— TRY IT —
Return exactly the lines from the one that contains "From mathcomp Require" up to the last line of the listing, and nothing else.

:: EXTRACTED INFORMATION

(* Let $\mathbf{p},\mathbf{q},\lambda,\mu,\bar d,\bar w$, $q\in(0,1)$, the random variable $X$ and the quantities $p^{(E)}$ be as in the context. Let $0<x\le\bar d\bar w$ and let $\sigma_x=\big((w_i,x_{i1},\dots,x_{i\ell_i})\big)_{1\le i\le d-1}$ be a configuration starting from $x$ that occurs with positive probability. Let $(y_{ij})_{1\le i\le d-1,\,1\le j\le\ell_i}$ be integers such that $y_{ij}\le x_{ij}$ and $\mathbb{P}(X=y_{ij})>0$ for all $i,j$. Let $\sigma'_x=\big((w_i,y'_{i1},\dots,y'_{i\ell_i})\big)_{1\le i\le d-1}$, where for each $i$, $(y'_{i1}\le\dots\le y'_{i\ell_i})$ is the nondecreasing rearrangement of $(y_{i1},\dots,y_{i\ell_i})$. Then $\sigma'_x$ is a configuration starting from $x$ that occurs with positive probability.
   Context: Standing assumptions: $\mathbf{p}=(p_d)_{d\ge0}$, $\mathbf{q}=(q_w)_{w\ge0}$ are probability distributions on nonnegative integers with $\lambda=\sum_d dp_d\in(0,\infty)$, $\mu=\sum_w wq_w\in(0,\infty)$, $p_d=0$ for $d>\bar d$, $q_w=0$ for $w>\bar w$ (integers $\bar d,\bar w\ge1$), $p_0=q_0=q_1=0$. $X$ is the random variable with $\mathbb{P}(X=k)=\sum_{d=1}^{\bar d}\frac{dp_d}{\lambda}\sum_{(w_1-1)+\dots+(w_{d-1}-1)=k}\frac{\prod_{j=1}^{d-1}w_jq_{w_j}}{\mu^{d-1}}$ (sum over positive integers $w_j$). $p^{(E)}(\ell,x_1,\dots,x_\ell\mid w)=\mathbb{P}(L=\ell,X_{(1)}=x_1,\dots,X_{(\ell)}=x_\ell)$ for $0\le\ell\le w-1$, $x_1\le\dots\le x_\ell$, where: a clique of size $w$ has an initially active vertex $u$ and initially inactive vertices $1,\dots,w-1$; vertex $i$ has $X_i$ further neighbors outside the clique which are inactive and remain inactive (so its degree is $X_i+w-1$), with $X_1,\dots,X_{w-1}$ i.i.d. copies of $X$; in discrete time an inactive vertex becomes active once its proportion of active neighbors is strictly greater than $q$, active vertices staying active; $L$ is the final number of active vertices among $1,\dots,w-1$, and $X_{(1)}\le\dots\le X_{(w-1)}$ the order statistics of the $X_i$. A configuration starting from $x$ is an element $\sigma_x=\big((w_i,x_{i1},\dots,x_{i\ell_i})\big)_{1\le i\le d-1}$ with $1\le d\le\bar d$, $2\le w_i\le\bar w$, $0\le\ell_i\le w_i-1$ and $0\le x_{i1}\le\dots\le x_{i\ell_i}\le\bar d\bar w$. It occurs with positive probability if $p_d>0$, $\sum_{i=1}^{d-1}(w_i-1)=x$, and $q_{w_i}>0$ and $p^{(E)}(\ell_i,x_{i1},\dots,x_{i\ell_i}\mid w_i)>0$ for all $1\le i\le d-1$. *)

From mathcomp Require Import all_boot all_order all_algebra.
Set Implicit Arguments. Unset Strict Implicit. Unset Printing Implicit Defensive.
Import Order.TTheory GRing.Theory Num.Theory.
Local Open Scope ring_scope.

::::

— EXERCISE RESULT —
From mathcomp Require Import all_boot all_order all_algebra.
Set Implicit Arguments. Unset Strict Implicit. Unset Printing Implicit Defensive.
Import Order.TTheory GRing.Theory Num.Theory.
Local Open Scope ring_scope.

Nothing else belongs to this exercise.